Edmond Burke

Edmond Burke January 12, 2009

From today’s Writer’s Almanac:

It’s the birthday of Edmund Burke, (books by this author) born in Dublin (1729). His father was a Protestant lawyer and his mother was Catholic. Burke studied law at university, but when he gave it up to study literature, his father withdrew Edmund’s allowance…

So Burke started writing in order to make some money. He became the assistant to the Secretary of Ireland, and then a Member of Parliament, representing the district of Bristol in the House of Commons. And he became a famous reformer. He opposed what he considered the tyranny of the British monarchy. He supported the American colonists’ anti-British sentiments — he didn’t think they should be granted full independence, but he thought that Britain should take a hands-off approach to America. He argued passionately against the Stamp Act, which was an effort by the British to fund their actions in America by taxing the colonists themselves.

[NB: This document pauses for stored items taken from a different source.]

(* Let $\mathbf{A}$ be an algebra, let $\mathrm{Adm}(\mathbf{A})$ denote the set of all reflexive compatible binary relations on $\mathbf{A}$, and let $F,G:\mathrm{Adm}(\mathbf{A})\to\mathrm{Adm}(\mathbf{A})$ be arbitrary functions. Suppose that $\mathbf{A}$ has a ternary term $t$ which is Mal'cev modulo $F$ and $G$, i.e. for all $a,b\in A$ and all $R\in\mathrm{Adm}(\mathbf{A})$ with $aRb$ we have $(a,t(a,b,b))\in F(R)$ and $(t(a,a,b),b)\in G(R)$. Then for all $R,S,R_1,R_2,\dots\in\mathrm{Adm}(\mathbf{A})$ and all (arbitrary) binary relations $\theta,\theta_1,\theta_2\subseteq A^2$, the following hold: (i) If $a,b,c,d\in A$ satisfy $aRb$, $b\,\theta_1\,c$, $a\,\theta_2\,d$, $dSc$ and $b\,\theta\, d$, then $(a,c)\in F(R)\circ\overline{\theta_2\cup\theta\cup\theta_1}\circ G(S)$. (ii) $R\circ\theta\circ S\subseteq F(R)\circ\overline{(R\circ\theta)\cup(\theta\circ S)}\circ G(S)$. (iii) $R\circ S\subseteq F(R)\circ\overline{R\cup S}\circ G(S)\subseteq F(R)\circ S\circ R\circ G(S)$. (iv) For every $n\ge 0$, $R\circ_{n+2}S\subseteq F(R)\circ\big(\overline{F(R)\cup F(S)}\big)^n\circ\overline{R\cup S}\circ\big(\overline{G(R)\cup G(S)}\big)^n\circ G(S^\bullet)$, where $S^\bullet=S$ if $n$ is even and $S^\bullet=R$ if $n$ is odd. (v) $R+S\subseteq (F(R)+F(S))\circ\overline{R\cup S}\circ(G(R)+G(S))\subseteq (F(R)+F(S))\circ R\circ S\circ(G(R)+G(S))$. (vi) $R\circ R\subseteq F(R)\circ R\circ G(R)$. (vii) For every $n\ge 0$, $R^{n+1}\subseteq (F(R))^n\circ R\circ (G(R))^n$. (viii) $R^*\subseteq (F(R))^*\circ R\circ (G(R))^*$. (ix) $R^-\subseteq F(R^-)\circ R\circ G(R^-)$, and $R\subseteq F(R)\circ R^-\circ G(R)$. (x) $R+S^-\subseteq (F(R)+F(S^-))\circ\overline{R\cup S}\circ(G(R)+G(S^-))\subseteq (F(R)+F(S^-))\circ R\circ S\circ(G(R)+G(S^-))$. (xi) $\mathrm{Cg}(R)\subseteq (F(R)+F(R^-))\circ R\circ (G(R)+G(R^-))$. (xii) For $n\ge 2$, $R_1\circ R_2\circ\dots\circ R_n\subseteq F(R_1)\circ\overline{F(R_1)\cup F(R_2)}\circ\overline{F(R_1)\cup F(R_2)\cup F(R_3)}\circ\dots\circ\overline{F(R_1)\cup\dots\cup F(R_{n-2})}\circ\overline{F(R_1)\cup\dots\cup F(R_{n-1})}\circ\overline{R_1\cup R_2\cup\dots\cup R_n}\circ\overline{G(R_2)\cup G(R_3)\cup\dots\cup G(R_n)}\circ\overline{G(R_3)\cup\dots\cup G(R_n)}\circ\dots\circ\overline{G(R_{n-2})\cup G(R_{n-1})\cup G(R_n)}\circ\overline{G(R_{n-1})\cup G(R_n)}\circ G(R_n)$. (xiii) $R_1+R_2+\dots+R_n\subseteq\big(F(R_1)+F(R_2)+\dots+F(R_n)\big)\circ\overline{R_1\cup R_2\cup\dots\cup R_n}\circ\big(G(R_1)+G(R_2)+\dots+G(R_n)\big)$. (xiv) $\mathrm{Cg}(R_1\cup R_2\cup\dots\cup R_n)\subseteq\big(F(R_1)+F(R_1^-)+F(R_2)+F(R_2^-)+\dots+F(R_n)+F(R_n^-)\big)\circ\overline{R_1\cup R_2\cup\dots\cup R_n}\circ\big(G(R_1)+G(R_1^-)+G(R_2)+G(R_2^-)+\dots+G(R_n)+G(R_n^-)\big)$.
   Context: ''Admissible'' and ''compatible'' mean the same thing (closed under the basic operations of the algebra, coordinatewise). Relational composition: $R\circ S=\{(a,c):\exists b\,(aRb \text{ and } bSc)\}$. $R\circ_n S$ denotes $R\circ S\circ R\circ S\circ\cdots$ with $n-1$ occurrences of $\circ$ (i.e. $n$ alternating factors starting with $R$). $R^n=R\circ_n R$, with the convention $R^0$ = the identity relation. $R+S=\bigcup_{n\ge1}R\circ_n S$, and $R_1+R_2+\dots+R_n$ is the analogous union of all finite compositions of the $R_i$ (iterated $+$). $R^-$ is the converse of $R$, $R^*$ is the transitive closure of $R$, $\mathrm{Cg}(R)$ is the smallest congruence containing $R$, and $\overline{R}$ denotes the least compatible relation containing $R$. *)

From mathcomp Require Import all_boot.
From Stdlib Require Import Relation_Definitions Relation_Operators.
From Stdlib Require List.

Set Implicit Arguments.
Unset Strict Implicit.
Unset Printing Implicit Defensive.

Record signature := Signature { sym : Type ; arity : sym -> nat }.

Record algebra (sig : signature) := Algebra {
  carrier :> Type ;
  op : forall f : sym sig, ('I_(arity f) -> carrier) -> carrier }.

Inductive term (sig : signature) (V : Type) : Type :=
  | Var : V -> term sig V
  | App : forall f : sym sig, ('I_(arity f) -> term sig V) -> term sig V.

Fixpoint eval (sig : signature) (V : Type) (A : algebra sig)
    (env : V -> A) (t : term sig V) : A :=
  match t with
  | Var v => env v
  | App f ts => @op sig A f (fun i => @eval sig V A env (ts i))
  end.

Definition term3_val (sig : signature) (A : algebra sig)
    (t : term sig 'I_3) (a b c : A) : A :=
  @eval sig 'I_3 A (fun i : 'I_3 => nth a [:: a; b; c] i) t.

Definition brel (T : Type) := T -> T -> Prop.

Definition rincl (T : Type) (R S : brel T) : Prop :=
  forall a b, R a b -> S a b.

Definition rcomp (T : Type) (R S : brel T) : brel T :=
  fun a c => exists b, R a b /\ S b c.

Definition runion (T : Type) (R S : brel T) : brel T :=
  fun a b => R a b \/ S a b.

Definition rconv (T : Type) (R : brel T) : brel T := fun a b => R b a.

Definition reflexive_rel (T : Type) (R : brel T) : Prop := forall a, R a a.

(* R o_n S : n alternating factors starting with R; o_0 = identity. *)
Fixpoint rcompn (T : Type) (n : nat) (R S : brel T) : brel T :=
  match n with
  | 0 => @eq T
  | n'.+1 => match n' with
             | 0 => R
             | _ => rcomp R (rcompn n' S R)
             end
  end.

Definition rpow (T : Type) (R : brel T) (n : nat) : brel T := rcompn n R R.

Definition rplus (T : Type) (R S : brel T) : brel T :=
  fun a b => exists n, rcompn n.+1 R S a b.

Fixpoint rcomp_list (T : Type) (Rs : seq (brel T)) : brel T :=
  match Rs with
  | [::] => @eq T
  | R :: Rs' => rcomp R (rcomp_list Rs')
  end.

(* R_1 + ... + R_n : union of all finite (nonempty) compositions of
   relations taken from the list Rs. *)
Definition rsum (T : Type) (Rs : seq (brel T)) : brel T :=
  fun a b => exists s : seq (brel T),
    s <> [::] /\ (forall R, List.In R s -> List.In R Rs) /\ rcomp_list s a b.

Definition rbigU (T : Type) (P : nat -> brel T) (m n : nat) : brel T :=
  fun a b => exists i, m <= i <= n /\ P i a b.

Definition compatible (sig : signature) (A : algebra sig) (R : brel A) : Prop :=
  forall (f : sym sig) (x y : 'I_(arity f) -> A),
    (forall i, R (x i) (y i)) -> R (@op sig A f x) (@op sig A f y).

Definition adm (sig : signature) (A : algebra sig) (R : brel A) : Prop :=
  reflexive_rel R /\ compatible R.

(* The least compatible relation containing R (overline R). *)
Definition rclo (sig : signature) (A : algebra sig) (R : brel A) : brel A :=
  fun a b => forall T : brel A, compatible T -> rincl R T -> T a b.

Definition congruence (sig : signature) (A : algebra sig) (R : brel A) : Prop :=
  equivalence A R /\ compatible R.

Definition Cg (sig : signature) (A : algebra sig) (R : brel A) : brel A :=
  fun a b => forall T : brel A, congruence T -> rincl R T -> T a b.

Definition malcev_mod (sig : signature) (A : algebra sig)
    (F G : brel A -> brel A) (t : term sig 'I_3) : Prop :=
  forall (a b : A) (R : brel A), adm R -> R a b ->
    F R a (@term3_val sig A t a b b) /\ G R (@term3_val sig A t a a b) b.

From mathcomp Require Import all_boot zify.
From Stdlib Require Import Relation_Definitions Relation_Operators.
From Stdlib Require List.
From Stdlib Require Import FunctionalExtensionality PropExtensionality.

(* Everything rests on one configuration: if R a b, S d c, and a compatible
   relation T contains (a,d), (b,d) and (b,c), then
   a F(R) t(a,b,b) T t(d,d,c) G(S) c.
   A chain a = x_0 R_1 x_1 ... R_n x_n = c is such a configuration with b = x_1
   and d = x_(n-1), where T bounds the two shorter chains R_1 ... R_(n-1) (from a,
   and from b by reflexivity of R_1) and R_2 ... R_n.  Induction on the length
   of the chain gives the estimates for compositions and powers, and, with T the
   target relation itself, for transitive closures; Cg(R) is the transitive
   closure of R and its converse. *)

Set Implicit Arguments.
Unset Strict Implicit.
Unset Printing Implicit Defensive.

Lemma In_iota i m n : List.In i (iota m n) <-> m <= i < m + n.
Proof. rewrite (List.in_seq n m i); lia. Qed.

Lemma In_cat (U : Type) (s1 s2 : seq U) x :
  List.In x (s1 ++ s2) <-> List.In x s1 \/ List.In x s2.
Proof. exact: List.in_app_iff. Qed.

Lemma In_map (U V : Type) (f : U -> V) (s : seq U) y :
  List.In y (map f s) <-> exists x, f x = y /\ List.In x s.
Proof. exact: List.in_map_iff. Qed.

Lemma In_rcons (U : Type) (s : seq U) x y :
  List.In x (rcons s y) <-> List.In x s \/ y = x.
Proof. by elim: s => [|z s IH] /=; rewrite ?IH; tauto. Qed.

Lemma rcons_nseq (U : Type) n (x : U) : rcons (nseq n x) x = nseq n.+1 x.
Proof. by elim: n => //= n ->. Qed.

Lemma iotaSr m n : iota m n.+1 = rcons (iota m n) (m + n).
Proof. by rewrite -addn1 iotaD cats1. Qed.

Section Forall2.
Variables (U V : Type) (P : U -> V -> Prop).

Lemma Forall2_cat s1 s2 s1' s2' :
  List.Forall2 P s1 s1' -> List.Forall2 P s2 s2' ->
  List.Forall2 P (s1 ++ s2) (s1' ++ s2').
Proof. by elim=> [|x x' {}s1 {}s1' Pxx' _ IH] //= P2; constructor; last exact: IH. Qed.

Lemma Forall2_map_iota (f : nat -> U) (g : nat -> V) a b m :
  (forall j, j < m -> P (f (a + j)) (g (b + j))) ->
  List.Forall2 P [seq f k | k <- iota a m] [seq g k | k <- iota b m].
Proof.
elim: m a b => [|m IH] a b fg //=; constructor.
  by rewrite -(addn0 a) -(addn0 b); exact: fg.
by apply: IH => j ltjm; rewrite !addSnnS; apply: fg.
Qed.

End Forall2.

Section Relations.
Variable T : Type.
Implicit Types (R S U X Y : brel T) (s Rs : seq (brel T)).

Lemma rel_ext R S : (forall a b, R a b <-> S a b) -> R = S.
Proof.
move=> RS; apply: functional_extensionality => a.
by apply: functional_extensionality => b; apply: propositional_extensionality.
Qed.

Lemma rincl_trans R S U : rincl R S -> rincl S U -> rincl R U.
Proof. by move=> RS SU a b /RS /SU. Qed.

Lemma rcompA R S U : rcomp R (rcomp S U) = rcomp (rcomp R S) U.
Proof.
apply: rel_ext => a d; split.
  by case=> b [Rab [c [Sbc Ucd]]]; exists c; split => //; exists b.
by case=> c [[b [Rab Sbc]] Ucd]; exists b; split => //; exists c.
Qed.

Lemma rcomp_eql R : rcomp (@eq T) R = R.
Proof. by apply: rel_ext => a b; split => [[c [<-]] | Rab] //; exists a. Qed.

Lemma rcomp_eqr R : rcomp R (@eq T) = R.
Proof. by apply: rel_ext => a b; split => [[c [Rac <-]] | Rab] //; exists b. Qed.

Lemma runionC R S : runion R S = runion S R.
Proof. by apply: rel_ext => a b; rewrite /runion; tauto. Qed.

Lemma rcomp_mono R R' S S' :
  rincl R R' -> rincl S S' -> rincl (rcomp R S) (rcomp R' S').
Proof. by move=> RR' SS' a c [b [/RR' Rab /SS' Sbc]]; exists b. Qed.

Lemma rcomp_list1 R : rcomp_list [:: R] = R.
Proof. exact: rcomp_eqr. Qed.

Lemma rcomp_list_cat s1 s2 :
  rcomp_list (s1 ++ s2) = rcomp (rcomp_list s1) (rcomp_list s2).
Proof. by elim: s1 => [|R s1 IH] /=; rewrite ?rcomp_eql // IH rcompA. Qed.

Lemma rcomp_list_rcons s R : rcomp_list (rcons s R) = rcomp (rcomp_list s) R.
Proof. by rewrite -cats1 rcomp_list_cat rcomp_list1. Qed.

Lemma rcomp_list_mono s1 s2 :
  List.Forall2 (@rincl T) s1 s2 -> rincl (rcomp_list s1) (rcomp_list s2).
Proof. by elim=> [|R S {}s1 {}s2 RS _ IH] //=; apply: rcomp_mono. Qed.

Lemma rcomp_list_refl s :
  (forall R, List.In R s -> reflexive_rel R) -> reflexive_rel (rcomp_list s).
Proof.
elim: s => [|R s IH] rs a //=; exists a; split; first by apply: rs; left.
by apply: IH => X Xs; apply: rs; right.
Qed.

Fixpoint ralt n R S : seq (brel T) := if n is n'.+1 then R :: ralt n' S R else [::].

Lemma rcompnE n R S : rcompn n R S = rcomp_list (ralt n R S).
Proof.
elim: n R S => [|[|n] IH] R S //; first by rewrite /= rcomp_eqr.
exact: (congr1 (rcomp R) (IH S R)).
Qed.

Lemma raltSr n R S : ralt n.+1 R S = rcons (ralt n R S) (if odd n then S else R).
Proof.
elim: n R S => [|n IH] R S //.
change (R :: ralt n.+1 S R = rcons (R :: ralt n S R) (if odd n.+1 then S else R)).
by rewrite IH /=; case: (odd n).
Qed.

Lemma In_ralt n R S X : List.In X (ralt n R S) -> X = R \/ X = S.
Proof. by elim: n R S => [|n IH] R S //= [<- | /IH]; [left | tauto]. Qed.

Lemma rpowE R n : rpow R n = rcomp_list (nseq n R).
Proof. by rewrite /rpow rcompnE; congr rcomp_list; elim: n => //= n ->. Qed.

Lemma rpowS R n : rpow R n.+1 = rcomp R (rpow R n).
Proof. by rewrite !rpowE. Qed.

Lemma rpowSr R n : rpow R n.+1 = rcomp (rpow R n) R.
Proof. by rewrite /rpow !rcompnE raltSr if_same rcomp_list_rcons. Qed.

Lemma rcomp_rpow_absorb X P M Q Y n :
  rincl X P -> rincl Y Q ->
  rincl (rcomp X (rcomp (rpow P n) (rcomp M (rcomp (rpow Q n) Y))))
        (rcomp (rpow P n.+1) (rcomp M (rpow Q n.+1))).
Proof.
move=> XP YQ; rewrite rpowS rpowSr !rcompA.
by do 4!apply: rcomp_mono => //.
Qed.

Lemma rsum_step Rs R : List.In R Rs -> rincl R (rsum Rs).
Proof.
by move=> RRs a b Rab; exists [:: R]; rewrite rcomp_list1; split=> //; split=> // X [<- | []].
Qed.

Lemma rsum_refl Rs :
  Rs <> [::] -> (forall R, List.In R Rs -> reflexive_rel R) -> reflexive_rel (rsum Rs).
Proof.
case: Rs => [//|R Rs] _ rRs a.
have RRs : List.In R (R :: Rs) by left.
exact: rsum_step RRs _ _ (rRs R RRs a).
Qed.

Edmund Burke was famous for his passionate oratory, which one biographer described as “impressive rather than effectual.” A critic wrote that “one of the paradoxes of Burke’s career is the gap between his acknowledged eloquence admitted even by his firmest opponents and his habitual inability to persuade.”

Edmund Burke said, “All that is necessary for the triumph of evil is for good men to do nothing.”


I am not the greatest fan of some of Burke’s philosophy, but appreciate this last quote greatly and his life and work in general. And, when visiting Bristol a couple years ago, I picked up a historical photograph of his statue in Bristol similar to this one. I’ll be back in less than two weeks and will try to get a shot of it for myself.